# cargo/freight luggage



## paulnanrod

Hi Everyone

As I've mentioned I'm in the process of applying for residency under the family/partnership category for NZ. We are looking at taking some things out with us, but leaving a lot here. We'll have approx 40-45kg in (we expect) 2 suitcases. I have been given the following information about Emirates Skycargo (the airline we're flying with):

- 45 KGS – 3.31 PER KG (MIN CHARGE 61.00 GBP)
+ 45 KGS – 3.17 PER KG 

Handling charge : 0.088 p per kg (min 21.00 gbp)

X/RAY charge : 0.18 p per kg (min 22.00 gbp)

Air waybill charge: 13,50 gbp

Customs export entry charge : 27.50 gbp

Fuel Surcharge: 0.59 p per kg

War risk surcharge 0.09 p per kg

Labelling : 1.25 per piece of luggage.



So estimating at 45kg, £261.40.....

Does anyone know of a rough cost and time length of cargoing this kind of weight/size shipment?

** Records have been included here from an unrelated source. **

Definition same_symbol_as_A (j : nat) : Prop :=
  L0 (g j) (g (S j)) (corrected j) /\
  forall l, (l < nsym Cl)%nat -> symb Cl l (corrected j) = symb Cl l (A j).

Definition has_generalized_inverse (j : nat) : Prop :=
  let C := generalized_inverse L (g j) (g (S j)) (corrected j) in
  L0 (g (S j)) (g j) C /\ forall x, corrected j (C (corrected j x)) = corrected j x.

Lemma symb_A_exact l j x : (l < nsym Cl)%nat -> (j < N)%nat ->
  exact_at (symb Cl l (A j) x) (symb Cl l (A (S j)) x).
Proof. intros Hl Hj. exact (exact_seq_exact_at _ _ N j (Hex l Hl x) Hj). Qed.

Lemma corrected_step j : (S j <= N)%nat -> same_symbol_as_A j -> has_generalized_inverse j ->
  same_symbol_as_A (S j) /\ forall x, corrected (S j) (corrected j x) = hzero.
Proof.
  intros Hj [HT ST] [HC TCT]. rewrite corrected_S. split; [split|].
  - apply L0_correct; auto.
  - intros l Hl. apply (symb_correct L Cl _ _ _ (corrected j)); auto.
    intros x v. rewrite (ST l Hl).
    apply exact_at_complex, symb_A_exact; [assumption | lia].
  - apply correct_complex, TCT.
Qed.

Lemma has_generalized_inverse_0 : (0 < N)%nat -> has_generalized_inverse 0.
Proof.
  intro HN. apply generalized_inverse_spec.
  apply (generalized_inverse_exists L Cl HF (g 0%nat) _ _ (g 2%nat) opzero (A 0%nat) (A 1%nat));
    try (apply HA; lia); try apply L0_zero.
  - intro u. apply linear_op_0, L0_linear with (L := L), HA. lia.
  - intros l Hl x. rewrite (sym_smooth L Cl l _ _ opzero Hl (Linf_zero L _ _)). split.
    + apply (exact_seq_exact_at_0 (fun j => Ebun Cl l (g j) x) (fun j => symb Cl l (A j) x) N).
      * apply sym_morph, HA; [assumption | lia].
      * apply Hex, Hl.
    + apply symb_A_exact; assumption.
Qed.

Lemma has_generalized_inverse_S j : (S j < N)%nat -> same_symbol_as_A j ->
  same_symbol_as_A (S j) -> (forall x, corrected (S j) (corrected j x) = hzero) ->
  has_generalized_inverse (S j).
Proof.
  intros Hj [HR SR] [HT ST] TR. apply generalized_inverse_spec.
  apply (generalized_inverse_exists L Cl HF (g j) _ _ (g (S (S (S j)))) (corrected j)
           (corrected (S j)) (A (S (S j)))); auto.
  intros l Hl x. rewrite (SR l Hl), (ST l Hl).
  split; apply symb_A_exact; auto; lia.
Qed.

Lemma corrected_spec j : (j <= N)%nat ->
  same_symbol_as_A j /\ ((j < N)%nat -> has_generalized_inverse j).
Proof.
  induction j as [|j IH]; intro Hj.
  - split; [split; [apply HA; lia | reflexivity] | apply has_generalized_inverse_0].
  - destruct (IH ltac:(lia)) as [Sj Gj].
    destruct (corrected_step j Hj Sj (Gj ltac:(lia))) as [SSj Cj].
    split; [exact SSj|]. intro HjN. apply has_generalized_inverse_S; assumption.
Qed.

Lemma corrected_complex j : (j < N)%nat -> forall x, corrected (S j) (corrected j x) = hzero.
Proof.
  intro Hj. destruct (corrected_spec j ltac:(lia)) as [Sj Gj].
  exact (proj2 (corrected_step j Hj Sj (Gj Hj))).
Qed.

Lemma corrected_smoothing :
  (forall j, (j < N)%nat -> Linf (g j) (g (S (S j))) (opcomp (A (S j)) (A j))) ->
  forall j, (j <= N)%nat -> Linf (g j) (g (S j)) (opsub (corrected j) (A j)).
Proof.
  intros Hsm j. induction j as [|j IH]; intro Hj.
  - change (Linf (g 0%nat) (g 1%nat) (opsub (A 0%nat) (A 0%nat))).
    replace (opsub (A 0%nat) (A 0%nat)) with (@opzero (H L (g 0%nat)) (H L (g 1%nat)))
      by (apply functional_extensionality; intro v; symmetry; apply hadd_opp_r).
    apply Linf_zero.
  - destruct (corrected_spec j ltac:(lia)) as [[HT _] Gj].
    destruct (Gj ltac:(lia)) as [HC _].
    rewrite corrected_S. apply (correct_sub_smoothing L _ _ _ (corrected j) _ _ HC).
    replace (opcomp (A (S j)) (corrected j))
      with (opadd (opcomp (A (S j)) (A j)) (opcomp (A (S j)) (opsub (corrected j) (A j)))).
    + apply Linf_add; [apply Hsm; lia | apply Linf_comp_l; [apply IH; lia | apply HA; lia]].
    + apply functional_extensionality. intro v. unfold opadd, opcomp, opsub.
      rewrite <- (proj1 (L0_linear L _ _ (A (S j)) (HA (S j) Hj))).
      f_equal. apply hadd_sub_cancel.
Qed.

End Correction.

Theorem mainTheorem12 (L : GOA) (Cl : Classical L) (HF : ext_fredholm L)
  (N : nat) (g : nat -> G L) (A : forall j : nat, H L (g j) -> H L (g (S j)))
  (HA : forall j, (j <= N)%nat -> L0 (g j) (g (S j)) (A j))
  (Hex : forall l, (l < nsym Cl)%nat -> forall x : Xbase Cl l,
      exact_seq (fun j => Ebun Cl l (g j) x) (fun j => symb Cl l (A j) x) N) :
  (exists At : forall j : nat, H L (g j) -> H L (g (S j)),
      (forall j, (j <= N)%nat -> L0 (g j) (g (S j)) (At j) /\
          forall l, (l < nsym Cl)%nat -> symb Cl l (At j) = symb Cl l (A j)) /\
      (forall j, (j < N)%nat -> opcomp (At (S j)) (At j) = opzero)) /\
  ((forall j, (j < N)%nat -> Linf (g j) (g (S (S j))) (opcomp (A (S j)) (A j))) ->
   exists At : forall j : nat, H L (g j) -> H L (g (S j)),
      (forall j, (j <= N)%nat -> L0 (g j) (g (S j)) (At j) /\
          forall l, (l < nsym Cl)%nat -> symb Cl l (At j) = symb Cl l (A j)) /\
      (forall j, (j < N)%nat -> opcomp (At (S j)) (At j) = opzero) /\
      (forall j, (j <= N)%nat -> Linf (g j) (g (S j)) (opsub (At j) (A j)))).
Proof.
  assert (Symb : forall j, (j <= N)%nat -> L0 (g j) (g (S j)) (corrected L g A j) /\
            forall l, (l < nsym Cl)%nat -> symb Cl l (corrected L g A j) = symb Cl l (A j))
    by (intros j Hj; apply (corrected_spec L Cl HF N g A HA Hex j Hj)).
  assert (Complex : forall j, (j < N)%nat ->
            opcomp (corrected L g A (S j)) (corrected L g A j) = opzero).
  { intros j Hj. apply functional_extensionality.
    exact (corrected_complex L Cl HF N g A HA Hex j Hj). }
  split.
  - exists (corrected L g A). split; assumption.
  - intro Hsm. exists (corrected L g A). split; [|split]; try assumption.
    apply (corrected_smoothing L Cl HF N g A HA Hex Hsm).
Qed.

The benefit with the Emirates Skycargo is it will travel with you/within a couple of days so it will be in NZ pretty quick

Thanks in advance for any help.

Paul


----------



## anski

paulnanrod said:


> Hi Everyone
> 
> As I've mentioned I'm in the process of applying for residency under the family/partnership category for NZ. We are looking at taking some things out with us, but leaving a lot here. We'll have approx 40-45kg in (we expect) 2 suitcases. I have been given the following information about Emirates Skycargo (the airline we're flying with):
> 
> - 45 KGS – 3.31 PER KG (MIN CHARGE 61.00 GBP)
> + 45 KGS – 3.17 PER KG
> 
> Handling charge : 0.088 p per kg (min 21.00 gbp)
> 
> X/RAY charge : 0.18 p per kg (min 22.00 gbp)
> 
> Air waybill charge: 13,50 gbp
> 
> Customs export entry charge : 27.50 gbp
> 
> Fuel Surcharge: 0.59 p per kg
> 
> War risk surcharge 0.09 p per kg
> 
> Labelling : 1.25 per piece of luggage.
> 
> 
> 
> So estimating at 45kg, £261.40.....
> 
> Does anyone know of a rough cost and time length of cargoing this kind of weight/size shipment? The benefit with the Emirates Skycargo is it will travel with you/within a couple of days so it will be in NZ pretty quick
> 
> Thanks in advance for any help.
> 
> Paul


Your baggage allowance is 23kg each checked in, plus 7kg cabin baggage, plus computer case or hand bag plus duty free shopping.
If flying with Air New Zealand you can also take additional cases & the charge is US$70 for 23kg case each.
http://www.airnewzealand.co.uk/excess-baggage-uk

This is much easier & cheaper than Skycargo.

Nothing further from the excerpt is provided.